## WORK TO COMPLETE:
For the entries below, repeat exactly each line starting with the one that contains "Proof. exact: (leq_bigmax" and going on through the one that contains "have yN : y \in nbhd adj v.", and no others.
*** Begin section ***
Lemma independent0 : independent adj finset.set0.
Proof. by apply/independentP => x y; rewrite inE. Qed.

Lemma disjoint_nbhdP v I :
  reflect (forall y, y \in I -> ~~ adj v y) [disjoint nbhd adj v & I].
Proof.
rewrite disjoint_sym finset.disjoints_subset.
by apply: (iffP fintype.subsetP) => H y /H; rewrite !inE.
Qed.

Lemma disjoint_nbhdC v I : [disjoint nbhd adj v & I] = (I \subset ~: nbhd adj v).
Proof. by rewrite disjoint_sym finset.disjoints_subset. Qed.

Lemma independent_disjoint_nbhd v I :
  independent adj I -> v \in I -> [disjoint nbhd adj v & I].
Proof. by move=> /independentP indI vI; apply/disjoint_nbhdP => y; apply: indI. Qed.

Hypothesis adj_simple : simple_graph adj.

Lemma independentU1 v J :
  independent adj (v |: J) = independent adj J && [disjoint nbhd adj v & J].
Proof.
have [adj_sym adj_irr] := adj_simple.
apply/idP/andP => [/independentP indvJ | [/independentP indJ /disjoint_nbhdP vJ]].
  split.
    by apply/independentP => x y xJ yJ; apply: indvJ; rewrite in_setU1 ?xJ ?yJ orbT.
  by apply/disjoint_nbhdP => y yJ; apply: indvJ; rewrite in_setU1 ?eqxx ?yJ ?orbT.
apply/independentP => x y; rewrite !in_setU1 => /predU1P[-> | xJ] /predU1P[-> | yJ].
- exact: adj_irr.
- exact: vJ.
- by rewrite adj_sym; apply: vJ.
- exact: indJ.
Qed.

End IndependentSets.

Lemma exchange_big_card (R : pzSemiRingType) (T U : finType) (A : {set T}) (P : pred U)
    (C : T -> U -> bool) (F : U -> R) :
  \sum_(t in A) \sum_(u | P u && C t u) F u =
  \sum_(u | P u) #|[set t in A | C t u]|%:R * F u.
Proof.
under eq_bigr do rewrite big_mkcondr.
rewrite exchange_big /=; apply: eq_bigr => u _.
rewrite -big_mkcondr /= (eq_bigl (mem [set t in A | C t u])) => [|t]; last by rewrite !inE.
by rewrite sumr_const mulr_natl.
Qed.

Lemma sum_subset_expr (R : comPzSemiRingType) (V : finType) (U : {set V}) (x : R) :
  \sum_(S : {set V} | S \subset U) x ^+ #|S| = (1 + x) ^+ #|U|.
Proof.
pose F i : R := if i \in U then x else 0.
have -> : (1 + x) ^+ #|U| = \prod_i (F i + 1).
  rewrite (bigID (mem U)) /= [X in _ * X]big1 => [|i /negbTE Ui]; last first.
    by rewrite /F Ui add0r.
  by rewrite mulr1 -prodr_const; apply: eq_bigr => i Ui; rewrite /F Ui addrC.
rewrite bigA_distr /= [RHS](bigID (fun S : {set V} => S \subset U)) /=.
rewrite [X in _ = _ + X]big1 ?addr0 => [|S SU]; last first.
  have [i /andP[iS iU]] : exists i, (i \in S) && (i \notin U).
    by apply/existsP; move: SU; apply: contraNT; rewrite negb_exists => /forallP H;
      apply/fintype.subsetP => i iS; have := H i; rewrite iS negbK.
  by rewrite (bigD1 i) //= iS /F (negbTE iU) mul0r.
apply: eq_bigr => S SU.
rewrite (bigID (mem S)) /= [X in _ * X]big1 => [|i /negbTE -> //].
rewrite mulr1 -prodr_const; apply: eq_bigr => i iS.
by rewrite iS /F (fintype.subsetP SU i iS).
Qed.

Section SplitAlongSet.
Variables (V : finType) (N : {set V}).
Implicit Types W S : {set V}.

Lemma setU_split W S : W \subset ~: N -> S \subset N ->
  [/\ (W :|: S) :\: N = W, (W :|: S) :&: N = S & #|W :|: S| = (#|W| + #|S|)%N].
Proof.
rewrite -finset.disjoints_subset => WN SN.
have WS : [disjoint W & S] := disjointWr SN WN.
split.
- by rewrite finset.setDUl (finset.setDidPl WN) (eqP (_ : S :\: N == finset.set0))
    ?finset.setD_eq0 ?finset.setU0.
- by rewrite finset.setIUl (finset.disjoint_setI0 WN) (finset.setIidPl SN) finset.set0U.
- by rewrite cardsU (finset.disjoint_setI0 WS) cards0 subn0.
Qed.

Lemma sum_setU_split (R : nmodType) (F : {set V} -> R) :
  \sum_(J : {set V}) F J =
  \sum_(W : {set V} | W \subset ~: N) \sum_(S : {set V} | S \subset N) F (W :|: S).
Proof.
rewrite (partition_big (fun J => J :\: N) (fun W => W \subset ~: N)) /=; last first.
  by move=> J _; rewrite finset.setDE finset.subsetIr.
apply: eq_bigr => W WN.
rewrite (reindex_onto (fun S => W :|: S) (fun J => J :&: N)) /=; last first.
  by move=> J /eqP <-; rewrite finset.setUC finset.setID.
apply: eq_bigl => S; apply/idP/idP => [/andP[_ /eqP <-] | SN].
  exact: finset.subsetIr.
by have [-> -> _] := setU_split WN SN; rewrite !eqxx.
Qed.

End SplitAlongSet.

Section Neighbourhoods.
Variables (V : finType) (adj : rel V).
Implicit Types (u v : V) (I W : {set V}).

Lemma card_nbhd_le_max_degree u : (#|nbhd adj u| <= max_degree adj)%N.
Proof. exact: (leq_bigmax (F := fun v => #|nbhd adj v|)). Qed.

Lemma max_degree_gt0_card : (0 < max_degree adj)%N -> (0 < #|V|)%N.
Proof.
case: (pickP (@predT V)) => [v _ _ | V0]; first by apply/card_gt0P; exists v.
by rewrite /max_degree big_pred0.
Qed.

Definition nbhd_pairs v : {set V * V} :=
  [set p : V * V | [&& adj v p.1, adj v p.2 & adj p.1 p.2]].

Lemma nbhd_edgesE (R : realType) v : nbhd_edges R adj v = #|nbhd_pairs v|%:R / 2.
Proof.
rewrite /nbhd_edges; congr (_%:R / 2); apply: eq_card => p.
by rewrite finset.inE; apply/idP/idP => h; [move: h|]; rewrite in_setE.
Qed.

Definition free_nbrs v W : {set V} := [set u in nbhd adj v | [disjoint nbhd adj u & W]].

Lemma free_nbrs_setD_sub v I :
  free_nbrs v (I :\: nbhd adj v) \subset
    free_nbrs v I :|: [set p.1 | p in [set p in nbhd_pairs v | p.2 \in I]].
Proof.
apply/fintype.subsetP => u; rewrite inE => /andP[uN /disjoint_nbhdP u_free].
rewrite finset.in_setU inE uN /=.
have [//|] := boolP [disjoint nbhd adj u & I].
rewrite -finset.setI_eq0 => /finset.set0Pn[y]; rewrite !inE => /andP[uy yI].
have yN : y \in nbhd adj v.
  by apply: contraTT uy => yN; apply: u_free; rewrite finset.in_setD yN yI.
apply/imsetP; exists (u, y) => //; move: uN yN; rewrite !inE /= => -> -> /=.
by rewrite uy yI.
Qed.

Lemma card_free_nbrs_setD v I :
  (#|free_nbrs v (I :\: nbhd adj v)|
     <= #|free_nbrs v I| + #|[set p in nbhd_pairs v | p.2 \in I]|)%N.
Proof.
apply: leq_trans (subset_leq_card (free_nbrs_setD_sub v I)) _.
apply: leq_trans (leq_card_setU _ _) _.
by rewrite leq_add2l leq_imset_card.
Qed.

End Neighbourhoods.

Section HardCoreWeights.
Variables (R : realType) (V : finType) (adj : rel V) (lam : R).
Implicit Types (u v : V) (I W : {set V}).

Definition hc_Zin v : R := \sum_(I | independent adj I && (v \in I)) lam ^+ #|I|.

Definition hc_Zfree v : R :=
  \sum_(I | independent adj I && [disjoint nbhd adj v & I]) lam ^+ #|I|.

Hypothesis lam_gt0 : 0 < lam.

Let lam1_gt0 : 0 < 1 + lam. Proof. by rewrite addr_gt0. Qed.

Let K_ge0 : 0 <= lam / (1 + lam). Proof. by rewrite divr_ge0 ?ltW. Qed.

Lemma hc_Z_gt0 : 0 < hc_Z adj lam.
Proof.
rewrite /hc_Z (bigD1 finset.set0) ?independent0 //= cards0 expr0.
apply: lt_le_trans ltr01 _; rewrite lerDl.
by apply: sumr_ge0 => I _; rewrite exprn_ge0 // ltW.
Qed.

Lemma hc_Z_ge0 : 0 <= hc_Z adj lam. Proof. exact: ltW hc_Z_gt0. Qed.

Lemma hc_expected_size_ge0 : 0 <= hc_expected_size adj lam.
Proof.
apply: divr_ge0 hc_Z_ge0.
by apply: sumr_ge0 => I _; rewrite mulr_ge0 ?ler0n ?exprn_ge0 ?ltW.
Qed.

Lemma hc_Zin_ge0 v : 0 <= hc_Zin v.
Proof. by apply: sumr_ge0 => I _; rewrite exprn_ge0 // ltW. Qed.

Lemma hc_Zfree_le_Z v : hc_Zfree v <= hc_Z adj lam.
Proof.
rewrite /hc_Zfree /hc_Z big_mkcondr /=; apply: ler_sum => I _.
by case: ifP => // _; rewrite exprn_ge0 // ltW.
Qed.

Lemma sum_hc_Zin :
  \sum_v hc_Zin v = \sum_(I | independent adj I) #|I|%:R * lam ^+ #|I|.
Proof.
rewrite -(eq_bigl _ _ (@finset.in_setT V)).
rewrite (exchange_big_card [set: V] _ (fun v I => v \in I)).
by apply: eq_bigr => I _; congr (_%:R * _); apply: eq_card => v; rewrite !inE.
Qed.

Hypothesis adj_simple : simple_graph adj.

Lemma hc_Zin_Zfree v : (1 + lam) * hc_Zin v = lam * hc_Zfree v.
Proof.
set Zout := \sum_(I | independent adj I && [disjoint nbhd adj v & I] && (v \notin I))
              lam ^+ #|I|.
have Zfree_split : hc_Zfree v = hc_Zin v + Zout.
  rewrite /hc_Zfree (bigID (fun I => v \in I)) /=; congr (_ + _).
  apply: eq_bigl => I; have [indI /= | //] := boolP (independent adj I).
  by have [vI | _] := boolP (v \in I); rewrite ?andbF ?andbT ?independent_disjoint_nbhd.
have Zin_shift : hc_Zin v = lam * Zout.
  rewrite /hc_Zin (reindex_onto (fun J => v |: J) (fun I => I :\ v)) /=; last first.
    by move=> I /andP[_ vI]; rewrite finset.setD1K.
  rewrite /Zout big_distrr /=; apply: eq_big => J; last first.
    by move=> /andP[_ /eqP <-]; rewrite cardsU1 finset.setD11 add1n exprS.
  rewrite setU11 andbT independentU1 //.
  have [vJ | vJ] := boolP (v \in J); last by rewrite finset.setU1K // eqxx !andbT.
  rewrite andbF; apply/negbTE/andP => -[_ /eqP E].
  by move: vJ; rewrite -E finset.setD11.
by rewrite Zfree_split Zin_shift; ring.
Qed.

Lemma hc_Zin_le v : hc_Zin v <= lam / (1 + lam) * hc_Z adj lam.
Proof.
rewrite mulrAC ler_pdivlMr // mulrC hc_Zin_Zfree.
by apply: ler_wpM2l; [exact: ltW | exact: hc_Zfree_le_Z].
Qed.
*** End section ***
## WORKED SOLUTION:
Proof. exact: (leq_bigmax (F := fun v => #|nbhd adj v|)). Qed.

Lemma max_degree_gt0_card : (0 < max_degree adj)%N -> (0 < #|V|)%N.
Proof.
case: (pickP (@predT V)) => [v _ _ | V0]; first by apply/card_gt0P; exists v.
by rewrite /max_degree big_pred0.
Qed.

Definition nbhd_pairs v : {set V * V} :=
  [set p : V * V | [&& adj v p.1, adj v p.2 & adj p.1 p.2]].

Lemma nbhd_edgesE (R : realType) v : nbhd_edges R adj v = #|nbhd_pairs v|%:R / 2.
Proof.
rewrite /nbhd_edges; congr (_%:R / 2); apply: eq_card => p.
by rewrite finset.inE; apply/idP/idP => h; [move: h|]; rewrite in_setE.
Qed.

Definition free_nbrs v W : {set V} := [set u in nbhd adj v | [disjoint nbhd adj u & W]].

Lemma free_nbrs_setD_sub v I :
  free_nbrs v (I :\: nbhd adj v) \subset
    free_nbrs v I :|: [set p.1 | p in [set p in nbhd_pairs v | p.2 \in I]].
Proof.
apply/fintype.subsetP => u; rewrite inE => /andP[uN /disjoint_nbhdP u_free].
rewrite finset.in_setU inE uN /=.
have [//|] := boolP [disjoint nbhd adj u & I].
rewrite -finset.setI_eq0 => /finset.set0Pn[y]; rewrite !inE => /andP[uy yI].
have yN : y \in nbhd adj v.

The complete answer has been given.